2. Already, the deck is being used internally within HubSpot. I’ve gotten both physical high fives and virtual high fives from people on the team. That makes me happy.
3. Even before posting the HubSpot culture code deck to public beta today, I had already started sending it to people that I was trying to recruit to HubSpot. Though ideally, I’d get to meet everyone and tell them about our culture code in person, that’s just not possible.
4. Going through the exercise was one of the most challenging and revealing things I’ve ever done since starting the company 6+ years ago.
5. Working on our culture code project caused me to talk to a bunch of people that I didn’t otherwise know and would probably not have been able to connect with. People like Patty McCord (co-author of the Netflix culture deck).
6. It’s been therapeutic. Now, if HubSpot ends up going down in crashing, burning flames (which is totally not the plan) — at least I’ll know that we tried to design and defend our culture.

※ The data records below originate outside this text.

(* Let $c=1/3$ for quadrangulations and $c=1/2$ for triangulations. For $0<u<1$, let $\mathcal P(L;u)$ be the limiting density of $L(ku)$ as $k\to\infty$ under $P_k$ (with $k$ ranging over integers for which $ku$ is an integer): $$\mathcal P(L;u)=\frac{2}{\sqrt\pi}\frac{\sqrt L}{c^{3/2}}e^{-L/c}\cdot\frac{\left(e^{\frac{L}{cb}}\sqrt{\frac{\pi L}{cb}}\left(1-\mathrm{erf}\sqrt{\frac{L}{cb}}\right)-1\right)p\!\left(\frac{L}{cb}\right)+r\!\left(\frac{L}{cb}\right)}{4(\sqrt b+b)^3},$$ where $$b=b(u)=\frac{(1-u)^2}{u^2},\qquad p(\ell)=2b(b^2-1)\ell^2-(5b^3+3b+4)\ell+6(b^3-1),\qquad r(\ell)=b(15b^2-1)\ell+2(5b^3-1).$$ Then $\tilde{\mathcal P}(R;u)=b(u)\,\mathcal P(b(u)R;u)$, the limiting density of $R(d)=\mathcal L(d)/(k-d)^2$ at $d=ku$, converges as $u\to1$ to $$\tilde{\mathcal P}(R;1)=2\sqrt{\frac{R}{\pi c^5}}\,(R+c)-\frac{R}{c^3}(2R+3c)\,e^{R/c}\left(1-\mathrm{erf}\sqrt{\frac Rc}\right).$$ Moreover $\mathcal P(L;u)\to\frac{2}{\sqrt\pi}\frac{\sqrt L}{c^{3/2}}e^{-L/c}$ as $u\to0$.
   Context: A planar quadrangulation (resp. triangulation) is a planar map all of whose faces have degree 4 (resp. 3). A $k$-pointed-rooted map carries: - a marked vertex $v_0$; - a marked edge $e_1$ oriented from a vertex $v_1$ at graph distance $k$ from $v_0$ to a vertex at distance $k-1$. Cutting along the leftmost shortest path from $v_1$ to $v_0$ (first step $e_1$, then always the leftmost edge decreasing the distance to $v_0$) gives a $k$-slice. Its left boundary consists of the $k$ edges from $v_1$ to $v_0$, and its right boundary of the $k-1$ edges from the endpoint of $e_1$ to $v_0$. Hull perimeter, quadrangulations ($2\le d\le k-1$). Start at the right-boundary vertex $v^{(0)}$ at distance $d-1$. Repeatedly, from $v^{(i)}$, follow the leftmost 2-step path $v^{(i)}\to w\to v^{(i+1)}$, with respect to the first edge of the leftmost shortest path from $v^{(i)}$ to $v_0$, where $d(v_0,w)=d$, $d(v_0,v^{(i+1)})=d-1$ and $v^{(i+1)}\ne v^{(i)}$. This stops after $p$ steps at the left-boundary vertex at distance $d-1$, and $\mathcal L(d)=2p$. Hull perimeter, triangulations ($1\le d\le k-1$). Start at the right-boundary vertex at distance $d$. Repeatedly follow the leftmost edge, in the same sense, to a distinct vertex at distance $d$, until reaching the left-boundary vertex at distance $d$ after $p$ steps; then $\mathcal L(d)=p$. $P_k$ is the $N\to\infty$ limit of the uniform measure on $k$-pointed-rooted maps of the given type with $N$ faces. $L(d)=\mathcal L(d)/d^2$, and $\mathrm{erf}(a)=\frac{2}{\sqrt\pi}\int_0^ae^{-z^2}dz$. *)

From Stdlib Require Import Reals.
From Coquelicot Require Import Coquelicot.
Open Scope R_scope.

Definition erf (a : R) : R :=
  2 / sqrt PI * RInt (fun z => exp (- (z ^ 2))) 0 a.

Definition bU (u : R) : R := (1 - u) ^ 2 / u ^ 2.

Definition pP (b l : R) : R :=
  2 * b * (b ^ 2 - 1) * l ^ 2 - (5 * b ^ 3 + 3 * b + 4) * l + 6 * (b ^ 3 - 1).

Definition rP (b l : R) : R :=
  b * (15 * b ^ 2 - 1) * l + 2 * (5 * b ^ 3 - 1).

Definition calP (c u L : R) : R :=
  let b := bU u in
  let l := L / (c * b) in
  2 / sqrt PI * sqrt L / (c * sqrt c) * exp (- L / c) *
  (((exp l * sqrt (PI * l) * (1 - erf (sqrt l)) - 1) * pP b l + rP b l)
   / (4 * (sqrt b + b) ^ 3)).

Definition tildeP (c u R0 : R) : R := bU u * calP c u (bU u * R0).

Definition tildeP1 (c R0 : R) : R :=
  2 * sqrt (R0 / (PI * c ^ 5)) * (R0 + c)
  - R0 / c ^ 3 * (2 * R0 + 3 * c) * exp (R0 / c) * (1 - erf (sqrt (R0 / c))).

Definition calP0 (c L : R) : R :=
  2 / sqrt PI * sqrt L / (c * sqrt c) * exp (- L / c).

(** The substitution [s = sqrt (bU u) = (1 - u) / u] makes the argument
    [b R / (c b) = R / c] of the erf-term independent of [u], so [tildeP c u R]
    is an elementary function of [s], continuous at [s = 0]; its value there is
    [tildeP1 c R].  For [u -> 0] put [t = 1 / sqrt (bU u) = u / (1 - u)]: after
    multiplying numerator and denominator by [t ^ 6] (which clears
    [(sqrt b + b) ^ 3 = (1 + t) ^ 3 / t ^ 6]), [calP c u L] becomes a continuous
    function of [t] in which erf is evaluated at [sqrt (L / c) * t], and the
    bracketed factor equals [((0 - 1) * 6 + 10) / 4 = 1] at [t = 0]. *)

From Stdlib Require Import Reals Lra.
From Coquelicot Require Import Coquelicot.
Open Scope R_scope.

Lemma continuous_gauss (x : R) : continuity_pt (fun z => exp (- z ^ 2)) x.
Proof. apply derivable_continuous_pt; reg. Qed.

Lemma ex_RInt_gauss (a b : R) : ex_RInt (fun z => exp (- z ^ 2)) a b.
Proof.
  apply (@ex_RInt_continuous R_CompleteNormedModule); intros z _.
  apply continuity_pt_filterlim, continuous_gauss.
Qed.

Lemma at_left_of_interval (a b : R) (P : R -> Prop) :
  a < b -> (forall u, a < u < b -> P u) -> at_left b P.
Proof.
  intros Hab HP.
  exists (mkposreal (b - a) ltac:(lra)); intros y Hy Hlt; apply HP.
  apply Rabs_lt_between' in Hy; simpl in Hy; lra.
Qed.

Lemma at_right_of_interval (a b : R) (P : R -> Prop) :
  a < b -> (forall u, a < u < b -> P u) -> at_right a P.
Proof.
  intros Hab HP.
  exists (mkposreal (b - a) ltac:(lra)); intros y Hy Hgt; apply HP.
  apply Rabs_lt_between' in Hy; simpl in Hy; lra.
Qed.

Lemma filterlim_within_continuous (D : R -> Prop) (f : R -> R) (x : R) :
  continuous f x -> filterlim f (within D (locally x)) (locally (f x)).
Proof.
  apply filterlim_filter_le_1; apply filter_le_within; apply locally_filter.
Qed.

Lemma filterlim_eventually_comp_continuous {F : (R -> Prop) -> Prop} {FF : Filter F}
    (f g h : R -> R) (x : R) :
  F (fun u => f u = h (g u)) -> filterlim g F (locally x) -> continuous h x ->
  filterlim f F (locally (h x)).
Proof.
  intros Hfg Hg Hh.
  apply (filterlim_ext_loc (fun u => h (g u))).
  - apply (filter_imp _ _ (fun u (e : f u = h (g u)) => eq_sym e)), Hfg.
  - exact (filterlim_comp _ _ _ g h F (locally x) _ Hg Hh).
Qed.

Definition tildeP_sqrtb (c R0 s : R) : R :=
  let l := R0 / c in
  let E := exp l * sqrt (PI * l) * (1 - erf (sqrt l)) in
  2 / sqrt PI * sqrt R0 / (c * sqrt c) * exp (- (s ^ 2 * R0) / c) *
  (((E - 1) * pP (s ^ 2) l + rP (s ^ 2) l) / (4 * (1 + s) ^ 3)).

Lemma tildeP_eq_sqrtb (c R0 u : R) : 0 < c -> 0 < R0 -> 0 < u < 1 ->
  tildeP c u R0 = tildeP_sqrtb c R0 ((1 - u) / u).
Proof.
  intros Hc HR Hu; unfold tildeP, calP, tildeP_sqrtb; cbv zeta.
  set (s := (1 - u) / u).
  assert (Hs : 0 < s) by (unfold s; apply Rdiv_lt_0_compat; lra).
  assert (Hb : bU u = s ^ 2) by (unfold bU, s; field; lra).
  rewrite Hb.
  replace (s ^ 2 * R0 / (c * s ^ 2)) with (R0 / c) by (field; lra).
  rewrite (sqrt_mult_alt (s ^ 2) R0) by apply pow2_ge_0.
  rewrite sqrt_pow2 by lra.
  assert (sqrt PI > 0) by (apply sqrt_lt_R0, PI_RGT_0).
  assert (sqrt c > 0) by (apply sqrt_lt_R0; lra).
  field; repeat split; nra.
Qed.

Lemma tildeP_sqrtb_0 (c R0 : R) : 0 < c -> 0 < R0 ->
  tildeP_sqrtb c R0 0 = tildeP1 c R0.
Proof.
  intros Hc HR; unfold tildeP_sqrtb, tildeP1, pP, rP; cbv zeta.
  assert (HPI : 0 < PI) by apply PI_RGT_0.
  rewrite (sqrt_mult_alt PI (R0 / c)) by lra.
  rewrite (sqrt_div_alt R0 (PI * c ^ 5)) by (apply Rmult_lt_0_compat; [lra | apply pow_lt; lra]).
  rewrite (sqrt_mult_alt PI (c ^ 5)) by lra.
  replace (c ^ 5) with ((c ^ 2) ^ 2 * c) by ring.
  rewrite (sqrt_mult_alt ((c ^ 2) ^ 2) c), sqrt_pow2 by apply pow2_ge_0.
  rewrite (sqrt_div_alt R0 c) by lra.
  replace (- (0 ^ 2 * R0) / c) with 0 by (field; lra); rewrite exp_0.
  set (X := exp (R0 / c) * (1 - erf (sqrt R0 / sqrt c))).
  replace (exp (R0 / c) * (sqrt PI * (sqrt R0 / sqrt c)) * (1 - erf (sqrt R0 / sqrt c)))
    with (sqrt PI * (sqrt R0 / sqrt c) * X) by (unfold X; ring).
  replace (R0 / c ^ 3 * (2 * R0 + 3 * c) * exp (R0 / c) * (1 - erf (sqrt R0 / sqrt c)))
    with (R0 / c ^ 3 * (2 * R0 + 3 * c) * X) by (unfold X; ring).
  clearbody X.
  assert (Hsp : sqrt PI > 0) by (apply sqrt_lt_R0; lra).
  assert (Hsc : sqrt c > 0) by (apply sqrt_lt_R0; lra).
  assert (Hc2 : c = sqrt c * sqrt c) by (rewrite sqrt_sqrt; lra).
  assert (HR2 : R0 = sqrt R0 * sqrt R0) by (rewrite sqrt_sqrt; lra).
  set (sc := sqrt c) in *; set (sr := sqrt R0) in *; set (sp := sqrt PI) in *.
  clearbody sc sr sp; subst c R0.
  field; lra.
Qed.

Lemma continuous_tildeP_sqrtb (c R0 : R) : 0 < c -> continuous (tildeP_sqrtb c R0) 0.
Proof.
  intros Hc; apply (@ex_derive_continuous R_AbsRing R_NormedModule).
  unfold tildeP_sqrtb, pP, rP; auto_derive.
  repeat split; lra.
Qed.

Lemma tildeP_limit_at_1 (c R0 : R) : 0 < c -> 0 < R0 ->
  filterlim (fun u => tildeP c u R0) (at_left 1) (locally (tildeP1 c R0)).
Proof.
  intros Hc HR.
  rewrite <- (tildeP_sqrtb_0 c R0) by assumption.
  apply (filterlim_eventually_comp_continuous _ (fun u => (1 - u) / u)).
  - apply (at_left_of_interval 0); [lra | intros u Hu; now apply tildeP_eq_sqrtb].
  - replace (locally 0) with (locally ((fun u => (1 - u) / u) 1)) by (f_equal; field).
    apply (filterlim_within_continuous _ (fun u => (1 - u) / u) 1).
    apply (@ex_derive_continuous R_AbsRing R_NormedModule).
    auto_derive; lra.
  - now apply continuous_tildeP_sqrtb.
Qed.

Definition calP_inv_sqrtb (c L t : R) : R :=
  let x := L / c in
  let q := sqrt x in
  2 / sqrt PI * sqrt L / (c * sqrt c) * exp (- L / c) *
  (((exp (x * t ^ 2) * (sqrt PI * (q * t)) * (1 - erf (q * t)) - 1) *
     (2 * x ^ 2 * (1 - t ^ 4) * t ^ 4 - x * (5 * t ^ 2 + 3 * t ^ 6 + 4 * t ^ 8)
      + 6 * (1 - t ^ 6))
    + (x * (15 - t ^ 4) * t ^ 2 + 2 * (5 - t ^ 6))) / (4 * (1 + t) ^ 3)).

Lemma calP_eq_inv_sqrtb (c L u : R) : 0 < c -> 0 < L -> 0 < u < 1 ->
  calP c u L = calP_inv_sqrtb c L (u / (1 - u)).
Proof.
  intros Hc HL Hu; unfold calP, calP_inv_sqrtb; cbv zeta.
  set (t := u / (1 - u)).
  assert (Ht : 0 < t) by (unfold t; apply Rdiv_lt_0_compat; lra).
  assert (Hb : bU u = (1 / t) ^ 2) by (unfold bU, t; field; lra).
  rewrite Hb.
  replace (L / (c * (1 / t) ^ 2)) with (L / c * t ^ 2) by (field; lra).
  rewrite (sqrt_mult_alt PI (L / c * t ^ 2)) by apply Rlt_le, PI_RGT_0.
  rewrite (sqrt_mult_alt (L / c) (t ^ 2)) by (apply Rlt_le, Rdiv_lt_0_compat; lra).
  rewrite (sqrt_pow2 t) by lra.
  rewrite (sqrt_pow2 (1 / t)) by (apply Rlt_le, Rdiv_lt_0_compat; lra).
  unfold pP, rP.
  assert (sqrt PI > 0) by (apply sqrt_lt_R0, PI_RGT_0).
  assert (sqrt c > 0) by (apply sqrt_lt_R0; lra).
  field; repeat split; nra.
Qed.

Lemma calP_inv_sqrtb_0 (c L : R) : 0 < c -> calP_inv_sqrtb c L 0 = calP0 c L.
Proof.
  intros Hc; unfold calP_inv_sqrtb, calP0; cbv zeta.
  assert (sqrt PI > 0) by (apply sqrt_lt_R0, PI_RGT_0).
  assert (sqrt c > 0) by (apply sqrt_lt_R0; lra).
  field; lra.
Qed.

Lemma continuous_calP_inv_sqrtb (c L : R) : 0 < c -> continuous (calP_inv_sqrtb c L) 0.
Proof.
  intros Hc; apply (@ex_derive_continuous R_AbsRing R_NormedModule).
  unfold calP_inv_sqrtb, erf; auto_derive.
  repeat split; try lra; try apply ex_RInt_gauss.
  apply filter_forall, continuous_gauss.
Qed.

Lemma calP_limit_at_0 (c L : R) : 0 < c -> 0 < L ->
  filterlim (fun u => calP c u L) (at_right 0) (locally (calP0 c L)).
Proof.
  intros Hc HL.
  rewrite <- (calP_inv_sqrtb_0 c L) by assumption.
  apply (filterlim_eventually_comp_continuous _ (fun u => u / (1 - u))).
  - apply (at_right_of_interval 0 1); [lra | intros u Hu; now apply calP_eq_inv_sqrtb].
  - replace (locally 0) with (locally ((fun u => u / (1 - u)) 0)) by (f_equal; field).
    apply (filterlim_within_continuous _ (fun u => u / (1 - u)) 0).
    apply (@ex_derive_continuous R_AbsRing R_NormedModule).
    auto_derive; lra.
  - now apply continuous_calP_inv_sqrtb.
Qed.

Theorem mainTheorem13 (c : R) (hc : c = 1 / 3 \/ c = 1 / 2) :
  (forall R0 : R, 0 < R0 ->
     filterlim (fun u => tildeP c u R0) (at_left 1) (locally (tildeP1 c R0))) /\
  (forall L : R, 0 < L ->
     filterlim (fun u => calP c u L) (at_right 0) (locally (calP0 c L))).
Proof.
  assert (Hc : 0 < c) by (destruct hc; lra).
  split.
  - intros R0 HR; now apply tildeP_limit_at_1.
  - intros L HL; now apply calP_limit_at_0.
Qed.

7. We’re about 4 hours into the public beta release of the HubSpot culture code deck. It’s already gotten 16,000 hits and is going strong. This is gratifying. My hope is that a few of those people found the deck useful. (And maybe a few of them will join our merry band of misfits at HubSpot someday).
If you’re getting started, spend 20 hours, not 200.
One of the common questions I get from my startup friends is how much time they should be spending on culture — given everything else going on (like you know, building a business). I’m not sure what the optimal number is — but I can say with confidence that the number is not zero. I’d suggest 20 hours. Just enough time to think about it, talk to your team, read some stuff and describe it. You don’t need to put posters up on the wall. Just something — even if it’s a one-pager that captures your current thinking on the kind of company you want to be.
Quick hint: You want to build a company that you love working for. The rest will work itself out.
What do you think? Have you scanned through the deck? Was it useful? Lame? Interesting? Would love to hear your thoughts. I think of the deck as being in “public beta”, so I’ll be iterating on it and updating it regularly.